Gunmen opened fire on the ministry and one of them blew himself up, the Foreign Ministry said in a statement. At least 18 others were wounded, Interior Minister Fathi Bashagha said in a televised news conference, putting the death toll at two. It wasn’t immediately possible to reconcile the difference in the toll.
The blast set off a fire inside the building, and black smoke could be seen billowing from its windows, footage from state television showed. The pavement outside was scattered with glass and debris, and nearby cars were on fire.
Libya Province, a local arm of Islamic State, claimed credit for the attack in a statement posted to its Amaq news agency and distributed by SITE Intelligence Group, which monitors global terrorist activity. Though the group has been severely weakened in its strongholds in Syria and Iraq since the height of its power, its affiliates still operate in countries including Libya.
Islamic State had been forced to withdraw from the towns and cities it held in Libya to regroup in the south. But in a reflection of its resilience in the largely lawless nation, it has conducted a series of attacks including an assault on the Libyan National Oil Corp. headquarters in Tripoli in September.
Government installations in the capital and elsewhere in the country have repeatedly come under attack assailants ranging from rival militias to Islamic State militants.

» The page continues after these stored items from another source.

(* In the setting of the context, for every unital hermitian cone $N$ on $(K,\ast)$ the following are equivalent: (1) $a_\sigma n^\sigma\in N$ for every $n\in N$ and $\sigma\in G$; (2) $N=M\cap K$ for some unital hermitian cone $M$ on $(D,\ast)$; (3) $N=\lambda^{-1}(L)\cap K$ for some unital hermitian cone $L$ on $(M_n(K),\#)$.
   Context: Let $K/F$ be a finite Galois extension of fields of characteristic $0$ with Galois group $G$, $n=|G|$; write $k^\sigma$ for the image of $k$ under $\sigma$. Let $\Phi$ be a normalized $2$-cocycle and $D=(K/F,\Phi)$ the crossed product: right $K$-vector space with basis $(e_\sigma)_{\sigma\in G}$, $e_{\mathrm{id}}=1$, multiplication $(\sum e_\sigma c_\sigma)(\sum e_\tau d_\tau)=\sum e_{\sigma\tau}\Phi(\sigma,\tau)c_\sigma^\tau d_\tau$. Assume $D$ is a division algebra and $\ast$ an involution on $D$ with $K^\ast\subseteq K$, such that $a_\sigma:=e_\sigma^\ast e_\sigma\in K$ for all $\sigma\in G$ and some unital hermitian cone on $(K,\ast)$ contains all $a_\sigma$. A unital hermitian cone on a ring $R$ with involution $\ast$ is a subset $M\subseteq\{r:r^\ast=r\}$ with $1\in M$, $M+M\subseteq M$, $aMa^\ast\subseteq M$ for all $a\in R$, $M\cap-M=\{0\}$. Let $\lambda\colon D\to M_n(K)$ be the left regular representation, $ae_\tau=\sum_\sigma e_\sigma\lambda(a)_{\sigma\tau}$; for $X=[x_{\sigma\tau}]$ let $X^\ast=[x_{\tau\sigma}^\ast]$, let $A=\mathrm{diag}(a_\sigma)_{\sigma\in G}$, and $X^\#=A^{-1}X^\ast A$ (so $\lambda(d^\ast)=\lambda(d)^\#$). *)

From HB Require Import structures.
From mathcomp Require Import all_boot all_order all_algebra all_fingroup.
Set Implicit Arguments. Unset Strict Implicit. Unset Printing Implicit Defensive.
Import Order.TTheory GRing.Theory.
Local Open Scope ring_scope.

Definition unital_hermitian_cone (R : pzRingType) (s : R -> R) (M : R -> Prop) : Prop :=
  [/\ (forall r, M r -> s r = r),
      M 1,
      (forall x y, M x -> M y -> M (x + y)),
      (forall b x, M x -> M (b * x * s b))
    & (forall x, M x -> M (- x) -> x = 0)].

Definition ring_involution (R : nzRingType) (s : R -> R) : Prop :=
  [/\ (forall x y, s (x + y) = s x + s y),
      (forall x y, s (x * y) = s y * s x),
      s 1 = 1
    & (forall x, s (s x) = x)].

(** Left regular representation lambda : D -> M_n(K), n = |G|, rows/columns
    indexed by enum_val : 'I_#|gT| -> gT; coord d sigma is the coefficient of
    e_sigma in d (as right K-space).  a e_tau = sum_sigma e_sigma lambda(a)_{sigma tau}. *)
Definition lreg (gT : finGroupType) (K : fieldType) (D : nzRingType)
  (e : gT -> D) (coord : D -> gT -> K) (d : D) : 'M[K]_#|gT| :=
  \matrix_(i, j) coord (d * e (enum_val j)) (enum_val i).

Definition sharp (gT : finGroupType) (K : fieldType) (starK : K -> K)
  (a : gT -> K) (X : 'M[K]_#|gT|) : 'M[K]_#|gT| :=
  diag_mx (\row_i (a (enum_val i))^-1) *m (map_mx starK X)^T
    *m diag_mx (\row_i a (enum_val i)).

From HB Require Import structures.
From mathcomp Require Import all_boot all_order all_algebra all_fingroup.
Set Implicit Arguments. Unset Strict Implicit. Unset Printing Implicit Defensive.
Import GRing.Theory.
Local Open Scope ring_scope.

(* We prove the cycle (1) => (3) => (2) => (1).
   - (2) => (1): if N = M cap K, then a_s n^s = (e s)^* n (e s) lies in M cap K.
   - (3) => (2): lambda is an injective ring morphism sending d^* to
     lambda(d)^#, so the preimage of a cone on (M_n(K), #) is a cone on D.
   - (1) => (3): for A = diag(a_s), the matrices X with X^# = X and
     v^* A X v^T in N for every row vector v form a cone on (M_n(K), #)
     (antisymmetry by polarization, using char K <> 2); since lambda(c) is the
     diagonal matrix diag(c^s), condition (1) says exactly that lambda(c) lies
     in this cone, while evaluating at v = e_1 recovers c. *)

Section Cones.
Variables (R : pzRingType) (s : R -> R) (N : R -> Prop).
Hypothesis coneN : unital_hermitian_cone s N.

(* A cone contains 0 = 0 * 1 * s 0. *)
Lemma cone0 : N 0.
Proof. by case: coneN => _ N1 _ NC _; have := NC 0 1 N1; rewrite !mul0r. Qed.

Lemma cone_sum (I : finType) (F : I -> R) : (forall i, N (F i)) -> N (\sum_i F i).
Proof.
case: coneN => _ _ NA _ _ NF.
by apply: (big_ind N cone0 NA) => i _; apply: NF.
Qed.

(* For an involutive s, conjugating by c is the same as conjugating by s c. *)
Lemma cone_conj (x c : R) : involutive s -> N x -> N (s c * x * c).
Proof. by case: coneN => _ _ _ NC _ sK Nx; rewrite -{2}[c]sK; apply: NC. Qed.

End Cones.

Lemma cone_preimage (R S : pzRingType) (s : R -> R) (t : S -> S) (f : R -> S)
    (L : S -> Prop) :
  injective f -> f 1 = 1 -> {morph f : x y / x + y} -> {morph f : x y / x * y} ->
  (forall x, f (s x) = t (f x)) -> unital_hermitian_cone t L ->
  unital_hermitian_cone s (fun x => L (f x)).
Proof.
move=> f_inj f1 fD fM f_s [Lh L1 LA LC Lanti].
have f0 : f 0 = 0 by apply: (addrI (f 0)); rewrite -fD !addr0.
have fN x : f (- x) = - f x by apply/eqP; rewrite -subr_eq0 opprK -fD addNr f0.
split=> [x Lx|||b x Lx|x Lx Lnx].
- by apply: f_inj; rewrite f_s Lh.
- by rewrite f1.
- by move=> x y Lx Ly; rewrite fD; apply: LA.
- by rewrite !fM f_s; apply: LC.
- by apply: f_inj; rewrite f0; apply: Lanti => //; rewrite -fN.
Qed.

Section Involution.
Variables (R : nzRingType) (star : R -> R).
Hypothesis star_inv : ring_involution star.

Lemma star0 : star 0 = 0.
Proof.
case: star_inv => sD _ _ _.
by apply: (addrI (star 0)); rewrite -sD !addr0.
Qed.

Lemma star_sum (I : finType) (f : I -> R) : star (\sum_i f i) = \sum_i star (f i).
Proof. by case: star_inv => sD _ _ _; apply: (big_morph star sD star0). Qed.

End Involution.

(* An involution of D mapping the image of a field K into itself restricts to
   an involutive ring automorphism of K (K being commutative). *)
Section RestrictedInvolution.
Variables (K : fieldType) (D : nzRingType) (iota : {rmorphism K -> D}).
Variables (star : D -> D) (starK : K -> K).
Hypotheses (star_inv : ring_involution star)
  (star_K : forall c, star (iota c) = iota (starK c)).

Let iota_inj := fmorph_inj iota.

Lemma starK_is_zmod_morphism : zmod_morphism starK.
Proof.
case: star_inv => sD _ _ _ x y; apply: iota_inj.
rewrite rmorphB -!star_K rmorphB sD; congr (_ + _).
by apply/eqP; rewrite -subr_eq0 opprK -sD addNr star0.
Qed.

Lemma starK_is_monoid_morphism : monoid_morphism starK.
Proof.
case: star_inv => _ sM s1 _; split; first by apply: iota_inj; rewrite -star_K !rmorph1.
move=> x y; apply: iota_inj.
by rewrite !rmorphM -!star_K rmorphM sM !star_K -!rmorphM mulrC.
Qed.

Definition starK_rmorphism : {rmorphism K -> K} :=
  HB.pack starK (GRing.isZmodMorphism.Build K K starK starK_is_zmod_morphism)
    (GRing.isMonoidMorphism.Build K K starK starK_is_monoid_morphism).

Lemma starK_involutive : involutive starK.
Proof. by case: star_inv => _ _ _ ss x; apply: iota_inj; rewrite -!star_K ss. Qed.

End RestrictedInvolution.

Section SharpMatrix.
Variables (K : fieldType) (n : nat) (sK : {rmorphism K -> K}).
Hypothesis sKK : involutive sK.
Variable w : 'I_n -> K.
Hypotheses (w_nz : forall i, w i != 0) (w_herm : forall i, sK (w i) = w i).

Definition ctmx m p (X : 'M[K]_(m, p)) : 'M[K]_(p, m) := (map_mx sK X)^T.
Definition wmx : 'M[K]_n := diag_mx (\row_i w i).
Definition wmx_inv : 'M[K]_n := diag_mx (\row_i (w i)^-1).
Definition sharpmx (X : 'M[K]_n) : 'M[K]_n := wmx_inv *m ctmx X *m wmx.

Lemma ctmxM m p q (X : 'M[K]_(m, p)) (Y : 'M[K]_(p, q)) :
  ctmx (X *m Y) = ctmx Y *m ctmx X.
Proof. by rewrite /ctmx map_mxM trmx_mul. Qed.

Lemma ctmxK m p (X : 'M[K]_(m, p)) : ctmx (ctmx X) = X.
Proof. by apply/matrixP => i j; rewrite !mxE sKK. Qed.

Lemma ctmxD m p (X Y : 'M[K]_(m, p)) : ctmx (X + Y) = ctmx X + ctmx Y.
Proof. by apply/matrixP => i j; rewrite !mxE rmorphD. Qed.

Lemma ctmx_diag (d : 'I_n -> K) : (forall i, sK (d i) = d i) ->
  ctmx (diag_mx (\row_i d i)) = diag_mx (\row_i d i).
Proof.
move=> d_herm; apply/matrixP => i j; rewrite !mxE rmorphMn d_herm eq_sym.
by case: (eqVneq i j) => [->|].
Qed.

Lemma ctmx_wmx : ctmx wmx = wmx.
Proof. exact: ctmx_diag. Qed.

Lemma ctmx_wmx_inv : ctmx wmx_inv = wmx_inv.
Proof. by apply: ctmx_diag => i; rewrite fmorphV w_herm. Qed.

Lemma wmx_invK : wmx_inv *m wmx = 1%:M.
Proof.
rewrite mul_diag_mx; apply/matrixP => i j; rewrite !mxE.
by case: (eqVneq i j) => [->|_]; rewrite ?mulr1n ?mulr0n ?mulr0 ?mulVf.
Qed.

Lemma wmxK : wmx *m wmx_inv = 1%:M.
Proof.
rewrite mul_diag_mx; apply/matrixP => i j; rewrite !mxE.
by case: (eqVneq i j) => [->|_]; rewrite ?mulr1n ?mulr0n ?mulr0 ?mulfV.
Qed.

Lemma sharpmx1 : sharpmx 1%:M = 1%:M.
Proof. by rewrite /sharpmx /ctmx map_mx1 trmx1 mulmx1 wmx_invK. Qed.

Lemma sharpmxD X Y : sharpmx (X + Y) = sharpmx X + sharpmx Y.
Proof. by rewrite /sharpmx ctmxD mulmxDr mulmxDl. Qed.

Lemma sharpmxM X Y : sharpmx (X *m Y) = sharpmx Y *m sharpmx X.
Proof.
rewrite /sharpmx ctmxM !mulmxA.
by rewrite -[wmx_inv *m ctmx Y *m wmx *m wmx_inv]mulmxA wmxK mulmx1.
Qed.

Lemma sharpmxK X : sharpmx (sharpmx X) = X.
Proof.
rewrite /sharpmx !ctmxM ctmxK ctmx_wmx ctmx_wmx_inv !mulmxA wmx_invK mul1mx.
by rewrite -mulmxA wmx_invK mulmx1.
Qed.

Definition sesq (v u : 'rV[K]_n) (Y : 'M[K]_n) : K := (map_mx sK v *m Y *m u^T) 0 0.

Lemma sesqDl v v' u Y : sesq (v + v') u Y = sesq v u Y + sesq v' u Y.
Proof. by rewrite /sesq map_mxD !mulmxDl mxE. Qed.

Lemma sesqDr v u u' Y : sesq v (u + u') Y = sesq v u Y + sesq v u' Y.
Proof. by rewrite /sesq linearD /= mulmxDr mxE. Qed.

Lemma sesqZl c v u Y : sesq (c *: v) u Y = sK c * sesq v u Y.
Proof. by rewrite /sesq map_mxZ -!scalemxAl mxE. Qed.

Lemma sesqZr c v u Y : sesq v (c *: u) Y = c * sesq v u Y.
Proof. by rewrite /sesq linearZ /= -scalemxAr mxE. Qed.

Lemma sesq_delta i j Y : sesq (delta_mx 0 i) (delta_mx 0 j) Y = Y i j.
Proof. by rewrite /sesq map_delta_mx trmx_delta -rowE -colE !mxE. Qed.

(* Polarization: in characteristic <> 2, a hermitian matrix whose quadratic
   form vanishes identically is zero. *)
Lemma hermitian_form0 (Y : 'M[K]_n) : (2%:R : K) != 0 ->
  ctmx Y = Y -> (forall v, sesq v v Y = 0) -> Y = 0.
Proof.
move=> two_nz Yh Y0; apply/matrixP => i j; rewrite mxE.
have Y_herm k l : sK (Y l k) = Y k l by rewrite -{2}Yh !mxE.
have Ydiag k : Y k k = 0 by rewrite -sesq_delta Y0.
have Yc c : c * Y i j + sK c * sK (Y i j) = 0.
  have := Y0 (delta_mx 0 i + c *: delta_mx 0 j).
  rewrite !sesqDl !sesqDr !sesqZl !sesqZr !sesq_delta !Ydiag Y_herm.
  by rewrite !mulr0 add0r addr0.
have Yanti : sK (Y i j) = - Y i j.
  by apply/eqP; rewrite -addr_eq0 addrC; have := Yc 1; rewrite rmorph1 !mul1r => ->.
have [//|Yij_nz] := eqVneq (Y i j) 0.
have sK_id c : sK c = c.
  have := Yc c; rewrite Yanti mulrN -mulrBl => /eqP.
  by rewrite mulf_eq0 (negPf Yij_nz) orbF subr_eq0 => /eqP.
have := Yc 1; rewrite !sK_id !mul1r -mulr2n -mulr_natr => /eqP.
by rewrite mulf_eq0 (negPf Yij_nz) (negPf two_nz).
Qed.

Definition wform (v : 'rV[K]_n) (X : 'M[K]_n) : K := sesq v v (wmx *m X).

Lemma wformD v X Y : wform v (X + Y) = wform v X + wform v Y.
Proof. by rewrite /wform /sesq mulmxDr mulmxDr mulmxDl mxE. Qed.

Lemma wformN v X : wform v (- X) = - wform v X.
Proof. by rewrite /wform /sesq mulmxN mulmxN mulNmx mxE. Qed.

Lemma wform_congr v B X :
  wform v (B *m X *m sharpmx B) = wform ((sharpmx B *m v^T)^T) X.
Proof.
have map_v : map_mx sK ((sharpmx B *m v^T)^T) = map_mx sK v *m wmx *m B *m wmx_inv.
  rewrite -map_trmx -/(ctmx _) ctmxM /sharpmx !ctmxM ctmxK ctmx_wmx ctmx_wmx_inv.
  by rewrite !mulmxA /ctmx map_trmx trmxK.
rewrite /wform /sesq map_v trmxK !mulmxA -[_ *m wmx_inv *m wmx]mulmxA wmx_invK.
by rewrite mulmx1.
Qed.

Lemma wform_diag v (d : 'I_n -> K) :
  wform v (diag_mx (\row_i d i)) = \sum_i sK (v 0 i) * (w i * d i) * v 0 i.
Proof.
rewrite /wform /sesq /wmx mulmxA !mul_mx_diag mxE.
by apply: eq_bigr => i _; rewrite !mxE mulrA.
Qed.

Lemma wform_delta k X : wform (delta_mx 0 k) X = w k * X k k.
Proof. by rewrite /wform sesq_delta mul_diag_mx !mxE. Qed.

Lemma wform0 X : (2%:R : K) != 0 -> sharpmx X = X -> (forall v, wform v X = 0) -> X = 0.
Proof.
move=> two_nz Xs X0.
have WXh : ctmx (wmx *m X) = wmx *m X.
  by rewrite ctmxM ctmx_wmx -{2}Xs /sharpmx !mulmxA wmxK mul1mx.
have WX0 := hermitian_form0 two_nz WXh X0.
by rewrite -[X]mul1mx -wmx_invK -mulmxA WX0 mulmx0.
Qed.

Definition form_cone (N : K -> Prop) (X : 'M[K]_n) : Prop :=
  sharpmx X = X /\ forall v, N (wform v X).

Lemma form_cone_is_cone (N : K -> Prop) : (2%:R : K) != 0 ->
  unital_hermitian_cone sK N -> (forall i, N (w i)) ->
  unital_hermitian_cone sharpmx (form_cone N).
Proof.
move=> two_nz coneN Nw; have [_ _ NA _ Nanti] := coneN.
split=> [X []//|||B X [Xs XN]|X [Xs XN] [_ XNN]].
- split=> [|v]; first exact: sharpmx1.
  have -> : 1 = diag_mx (\row_(i < n) (1 : K)).
    by apply/matrixP => i j; rewrite !mxE.
  rewrite wform_diag; apply: (cone_sum coneN) => i; rewrite mulr1.
  exact: (cone_conj coneN).
- move=> X Y [Xs XN] [Ys YN]; split=> [|v]; first by rewrite sharpmxD Xs Ys.
  by rewrite wformD; apply: NA.
- rewrite -[B * X * _]/(B *m X *m sharpmx B); split=> [|v]; last by rewrite wform_congr.
  by rewrite sharpmxM [sharpmx (B *m X)]sharpmxM sharpmxK Xs mulmxA.
- apply: (wform0 two_nz Xs) => v; apply: Nanti; first exact: XN.
  by rewrite -wformN.
Qed.

End SharpMatrix.

Section CrossedProduct.
Variables (K : fieldType) (gT : finGroupType) (act : gT -> {rmorphism K -> K}).
Variables (D : nzRingType) (iota : {rmorphism K -> D}) (e : gT -> D).
Variables (Phi : gT -> gT -> K) (coord : D -> gT -> K).
Hypotheses (Phi_nz : forall s t, Phi s t != 0) (e1 : e 1%g = 1)
  (e_mul : forall s t, e s * e t = e (s * t)%g * iota (Phi s t))
  (e_comm : forall c t, iota c * e t = e t * iota (act t c))
  (coord_span : forall d, d = \sum_(s : gT) e s * iota (coord d s))
  (coord_uniq : forall (c : gT -> K) s,
      coord (\sum_(t : gT) e t * iota (c t)) s = c s).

“There is chaos in the security situation that’s aiding terrorists,” Bashagha said, stressing that there was no coordination between security services and that in the two months since he assumed the post, he has found that the ministry lacked the resources to effectively do its job and that it didn’t bear responsibility for the attack. “If we can’t build a nation, then Libyans are in danger.”
Officials have been largely powerless to halt the violence as rival governments vie for power in a political tug-of-war that has stunted attempts to stabilize and rebuild the nation that sits atop Africa’s largest proven reserves of crude.
In a reflection of the state of affairs in the country, Bashagha, who is one of the leaders of Misrata, a city home to one of the most powerful militias, said that some foreign government reach out directly to various militias on security matters instead of contacting the ministry. He said that a new agency would be set up to oversee the security services.